Интенсивный болевой синдром с атипичной локализацией реже напоминает ИМ, но не исключает его, в связи с чем дальнейшее обследование больного обязательно

Жалобы больного на приступы сердцебиений или резкого урежения ритма, появление аритмий, обмороков могут указывать на начало ИМ или его осложнений

Острая сердечная недостаточность часто приводит к следующим проблемам:

  • Застойные явления в организме, локализующиеся в легких, органах брюшной полости, печени, почках, венозных артериях и в самом легком.
  • Отёки нижних конечностей, со временем переходящие в отеки плевры, брюшной и перикардиальной полости.
  • Расстройство газового обмена, приводящее к кислородному голоданию, ацидозу, акроцианозу.

При лечении сердечной недостаточности упор делается на устранение причины, вызвавшей острую форму болезни. Рекомендовано как медикаментозное, так и оперативное вмешательство. Пациенту ограничивается двигательная и физическая активность, резко уменьшается количество воды и соли в рационе. Прогноз лечения благоприятный. В состоянии ремиссии, пациент может прожить более пяти лет, при соблюдении рекомендаций специалиста и мер профилактики.

Постинфарктная реабилитация

Когда острый период минует, пациент остается под наблюдением специалистов на протяжении года. Некоторые постинфарктные осложнения дают о себе знать по истечении 6–10 месяцев после прохождения критической стадии. Меры постинфарктной реабилитации включают в себя: медикаментозную терапию, диету, соблюдения режима труда и отдыха, санаторное лечение. После выписки из стационара, пациенту рекомендуется прием некоторых лекарственных средств:

  • ACE-ингибриторов как средств, обладающих высокой интенсивностью при застойной сердечной недостаточности;
  • блокаторов кальциевых канальцев как эффективных средств при стенокардии и инфаркте без q зубца;
  • бета-блокаторов.

Назначаются также препараты для лечения сопутствующих заболеваний, увеличивающих факторы риска при сердечных болезнях. Если полное излечение таковых невозможно, следует добиваться состояния полной или частичной ремиссии.

Основной мерой профилактики является диета. Пациенту, который перенес острый инфаркт миокарда, необходимо снизить свой вес до нормального коридора, снизить потребление холестерина и тугоплавких жиров. Основа рациона состоит из овощей, фруктов, каш, нежирного мяса, молочных и кисломолочных продуктов. Ограничивается кофеин, соль, сахар, из рациона полностью исключается алкоголь. Из-за ограничений физических нагрузок, пациенту следует снижать общую калорийность рациона и объем потребляемых порций.

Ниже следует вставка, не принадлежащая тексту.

(* Let $p$ be a probability distribution on $[d]$, fix $S\subseteq[d]$ with $|S| = s$, and suppose $m$ independent samples from $p$ are drawn; let $N_i$ be the number of samples equal to $i$. Let $q$ be the estimator with $q_i = (N_i+1)/(m+s)$ for $i\in S$ (the add-one estimator on $S$) and empirical (count-based) estimates on the remaining elements, so that $q$ is a probability distribution. Then $$\mathbb{E}\bigl[\chi^2(p[S]\|q[S])\bigr] \le \frac{s}{m+s} + \Bigl(\frac{(s-1)^2}{(m+1)(m+s)} - \frac{1}{m+s}\Bigr)\|p[S]\|_1 \le s/m + (s/m)^2 \le 2s/m,$$ the last inequality assuming $m\ge s$; in the case $S=[d]$ the first upper bound equals $\frac{d-1}{m+1}\le d/m$. Moreover, assuming $m\ge s$, and writing $m_\delta = m/(c\ln(1/\delta))$ for a sufficiently large universal constant $c$, if $p_i\ge 1/m_{\delta/s}$ for all $i\in S$, then except with probability at most $\delta$, $q_i$ is within a factor $4$ of $p_i$ (i.e. $p_i/4\le q_i\le 4p_i$) simultaneously for all $i\in S$.
   Context: For a vector $p\in\mathbb{R}^d$ and $S\subseteq[d]$, $p[S]$ is the subvector indexed by $S$. For nonnegative vectors (not necessarily summing to $1$), $\chi^2(a\|b) = \sum_i (a_i - b_i)^2/b_i$. *)

From HB Require Import structures.
From mathcomp Require Import all_boot all_order all_algebra.
From mathcomp Require Import reals exp.
Set Implicit Arguments. Unset Strict Implicit. Unset Printing Implicit Defensive.
Import Order.TTheory GRing.Theory Num.Theory.
Local Open Scope ring_scope.

Section Defs.
Context {R : realType}.

Definition is_dist (d : nat) (p : 'I_d -> R) : Prop :=
  (forall i, 0 <= p i) /\ \sum_(i < d) p i = 1.

(* An outcome of m i.i.d. samples from p: a function 'I_m -> 'I_d,
   with probability \prod_j p (x j). *)
Definition sample_prob (d m : nat) (p : 'I_d -> R) (x : {ffun 'I_m -> 'I_d}) : R :=
  \prod_(j < m) p (x j).

Definition Exp (d m : nat) (p : 'I_d -> R) (f : {ffun 'I_m -> 'I_d} -> R) : R :=
  \sum_(x : {ffun 'I_m -> 'I_d}) sample_prob p x * f x.

Definition Pr (d m : nat) (p : 'I_d -> R) (E : pred {ffun 'I_m -> 'I_d}) : R :=
  \sum_(x : {ffun 'I_m -> 'I_d} | E x) sample_prob p x.

Definition cnt (d m : nat) (x : {ffun 'I_m -> 'I_d}) (i : 'I_d) : nat :=
  #|[set j : 'I_m | x j == i]|.

(* Add-one estimator on S, empirical (count-based, normalized by m+s so that
   q is a probability distribution) outside S. *)
Definition addone_est (d m : nat) (S : {set 'I_d}) (x : {ffun 'I_m -> 'I_d})
  (i : 'I_d) : R :=
  if i \in S then ((cnt x i).+1)%:R / (m + #|S|)%:R
  else (cnt x i)%:R / (m + #|S|)%:R.

Definition chi2_on (d : nat) (S : {set 'I_d}) (a b : 'I_d -> R) : R :=
  \sum_(i in S) (a i - b i) ^+ 2 / b i.

Definition l1_on (d : nat) (S : {set 'I_d}) (a : 'I_d -> R) : R :=
  \sum_(i in S) `|a i|.

Definition m_delta (c : R) (m : nat) (delta : R) : R :=
  m%:R / (c * ln (1 / delta)).

End Defs.

From mathcomp Require Import all_boot all_order all_algebra.
From mathcomp Require Import reals sequences exp.
From mathcomp Require Import ring lra.
Import Order.TTheory GRing.Theory Num.Theory.
Local Open Scope ring_scope.
Set Implicit Arguments. Unset Strict Implicit. Unset Printing Implicit Defensive.

(* For i in S the count N_i is binomial (m, p_i), and every expectation needed is
   that of a function of a single N_i, computed by conditioning on the first sample.
   With Q = m + s, the chi^2 term of i is p_i^2 Q E[1/(N_i+1)] - 2 p_i + E[N_i+1]/Q,
   and (m+1) p_i E[1/(N_i+1)] is the probability that m+1 samples hit i, at most 1.
   Summing over S gives the first bound; the others follow by writing it as the
   convex combination of s/(m+s) and (s-1)/(m+1) with weight ||p[S]||_1.
   For the factor-4 guarantee, q_i is off only if N_i <= m p_i/2 or N_i + 1 >= 4 m p_i.
   Dominating both indicators by exponentials and using E[t^N_i] <= exp(m p_i (t-1))
   at t = 1/e and t = e bounds this probability by 5 exp(-(1/2 - 1/e) m p_i), which
   is at most delta/s when c (1/2 - 1/e) >= 4; a union bound over S concludes. *)

Section Sampling.
Variables (R : realType) (d : nat) (p : 'I_d -> R).

Definition ffun_cons m (a : 'I_d) (y : {ffun 'I_m -> 'I_d}) : {ffun 'I_m.+1 -> 'I_d} :=
  [ffun j => if unlift ord0 j is Some k then y k else a].

Lemma sum_ffun_cons m (F : {ffun 'I_m.+1 -> 'I_d} -> R) :
  \sum_x F x = \sum_(a : 'I_d) \sum_(y : {ffun 'I_m -> 'I_d}) F (ffun_cons a y).
Proof.
rewrite pair_bigA /= (reindex (fun u => ffun_cons u.1 u.2)) //=.
exists (fun x : {ffun 'I_m.+1 -> 'I_d} => (x ord0, [ffun k => x (lift ord0 k)])).
- move=> [a y] _; rewrite /ffun_cons ffunE unlift_none; congr (_, _).
  by apply/ffunP => k; rewrite !ffunE liftK.
- move=> x _; apply/ffunP => j; rewrite ffunE.
  by case: unliftP => [k ->|->]; rewrite ?ffunE.
Qed.

Lemma sample_prob_cons m a (y : {ffun 'I_m -> 'I_d}) :
  sample_prob p (ffun_cons a y) = p a * sample_prob p y.
Proof.
rewrite /sample_prob big_ord_recl ffunE unlift_none; congr (_ * _).
by apply: eq_bigr => k _; rewrite ffunE liftK.
Qed.

Lemma cntE m (x : {ffun 'I_m -> 'I_d}) i : cnt x i = (\sum_(j < m) (x j == i))%N.
Proof. by rewrite /cnt -sum1dep_card big_mkcond. Qed.

Lemma cnt_cons m a (y : {ffun 'I_m -> 'I_d}) i :
  cnt (ffun_cons a y) i = ((a == i) + cnt y i)%N.
Proof.
rewrite !cntE big_ord_recl ffunE unlift_none; congr (_ + _)%N.
by apply: eq_bigr => k _; rewrite ffunE liftK.
Qed.

Lemma eq_Exp m (f g : {ffun 'I_m -> 'I_d} -> R) : f =1 g -> Exp p f = Exp p g.
Proof. by move=> fg; apply: eq_bigr => x _; rewrite fg. Qed.

Lemma ExpD m (f g : {ffun 'I_m -> 'I_d} -> R) :
  Exp p (fun x => f x + g x) = Exp p f + Exp p g.
Proof. by rewrite /Exp -big_split; apply: eq_bigr => x _; rewrite mulrDr. Qed.

Lemma ExpZ m c (f : {ffun 'I_m -> 'I_d} -> R) : Exp p (fun x => c * f x) = c * Exp p f.
Proof. by rewrite /Exp big_distrr; apply: eq_bigr => x _; rewrite mulrCA. Qed.

Lemma Exp_sum m (I : finType) (A : {pred I}) (F : I -> {ffun 'I_m -> 'I_d} -> R) :
  Exp p (fun x => \sum_(j in A) F j x) = \sum_(j in A) Exp p (F j).
Proof. by rewrite /Exp exchange_big; apply: eq_bigr => x _; rewrite big_distrr. Qed.

Lemma Exp_indicator m (E : pred {ffun 'I_m -> 'I_d}) : Exp p (fun x => (E x)%:R) = Pr p E.
Proof.
by rewrite /Pr /Exp [RHS]big_mkcond; apply: eq_bigr => x _; case: (E x); rewrite ?mulr1 ?mulr0.
Qed.

Hypothesis p_ge0 : forall a, 0 <= p a.

Lemma sample_prob_ge0 m (x : {ffun 'I_m -> 'I_d}) : 0 <= sample_prob p x.
Proof. exact: prodr_ge0. Qed.

Lemma ler_Exp m (f g : {ffun 'I_m -> 'I_d} -> R) : (forall x, f x <= g x) -> Exp p f <= Exp p g.
Proof. by move=> fg; apply: ler_sum => x _; rewrite ler_wpM2l ?sample_prob_ge0. Qed.

Lemma Pr_le_Exp m (E : pred {ffun 'I_m -> 'I_d}) (f : {ffun 'I_m -> 'I_d} -> R) :
  (forall x, 0 <= f x) -> (forall x, E x -> 1 <= f x) -> Pr p E <= Exp p f.
Proof.
move=> f_ge0 f_ge1; rewrite -Exp_indicator; apply: ler_Exp => x.
by case: (boolP (E x)) => [/f_ge1|_].
Qed.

Физические нагрузки также необходимы. Рекомендуются пешие прогулки под присмотром врача. Постепенно следует достигнуть ежедневного прохождения маршрута около 5 км спокойным шагом. Идеальный вариант – помещение больного в постинфарктном состоянии в санаторий. Там он под контролем врача может пройти полную реабилитацию и забыть о серьезном недуге на ближайшие несколько лет.

При выполнении всех рекомендаций, прогноз после инфаркта миокарда благоприятный, выживаемость довольно высокая, но постоянный контроль необходим, так как многие опасные осложнения могут проявиться значительно позже и повлечь за собой мгновенный летальный исход.